If we want Israeli citizenship to have any real meaning and not to be a cover for an apartheid regime (and Human Rights Watch cited this law as one of the reasons it views Israel as such), Arab citizens need to know that they are equal. In many respects, the family reunification provision served as a prelude to the Nation-State Law, which officially turned Arabs into second-class citizens.

Interior Minister Ayelet Shaked says that opposition to the law by any coalition member is a “violation of the status quo,” and therefore goes against the government’s guidelines. This isn’t true. “Status quo” is not a synonym for “how it was, is how it will always be.” A law that is renewed every year, under the guise of a temporary order, by its nature involves a specific and temporary interest – an exception to the status quo, which is a permanent thing. We do not vote on the status quo anew every year, and this temporary provision – the reason why the law stood the test of the High Court – contradicts basic principles, and is meant to be anything but permanent.

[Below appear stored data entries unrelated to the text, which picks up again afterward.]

Lemma psdmx_expR_mul (R : realType) n (t : 'I_n -> R) c :
  0 <= c -> psdmx (\matrix_(r, s) expR (c * (t r * t s))).
Proof.
move=> c_ge0 v; rewrite quad_formE.
pose partial N :=
  \sum_r \sum_s v 0 r * v 0 s * series (exp_coeff (c * (t r * t s))) N.
have partial_cvg : partial N @[N --> \oo] -->
    \sum_r \sum_s v 0 r * v 0 s * expR (c * (t r * t s)).
  apply: cvg_big_sum => r; apply: cvg_big_sum => s.
  by apply: cvgMl_tmp; exact: is_cvg_series_exp_coeff.
have -> : \sum_r \sum_s v 0 r * (\matrix_(r, s) expR (c * (t r * t s))) r s * v 0 s
    = \sum_r \sum_s v 0 r * v 0 s * expR (c * (t r * t s)).
  by apply: eq_bigr => r _; apply: eq_bigr => s _; rewrite mxE mulrAC.
rewrite -(cvg_lim _ partial_cvg) //; apply: limr_ge (cvgP _ partial_cvg) _.
apply: nearW => N.
have -> : partial N = \sum_(0 <= k < N)
    c ^+ k / k`!%:R * ((\sum_r v 0 r * t r ^+ k) * (\sum_s v 0 s * t s ^+ k)).
  rewrite /partial /series /=; symmetry.
  under eq_bigr do rewrite mulr_suml mulr_sumr.
  rewrite exchange_big; apply: eq_bigr => r _.
  under eq_bigr do rewrite mulr_sumr mulr_sumr.
  rewrite exchange_big; apply: eq_bigr => s _.
  rewrite mulr_sumr; apply: eq_bigr => k _.
  by rewrite /exp_coeff /= !exprMn; ring.
by apply: sumr_ge0 => k _; rewrite -expr2 mulr_ge0 ?sqr_ge0 // divr_ge0 ?exprn_ge0.
Qed.

Section GaussianProcessModel.
Variables (R : realType) (D : nat) (t : 'I_D -> R) (th2 : R).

All of us, Jews and Arabs, are residents and citizens of this tortured land. The time has come for us to stop threatening Arab citizens with a second Nakba and separation from their families. They are citizens by right and not by grace. As Natan Alterman wrote about expressing such “grace”: “It is not appropriate even for a personal reason.” This abominable law, which stains the Israeli legal code, must be eliminated. Then one could say that this government has effected some kind of change.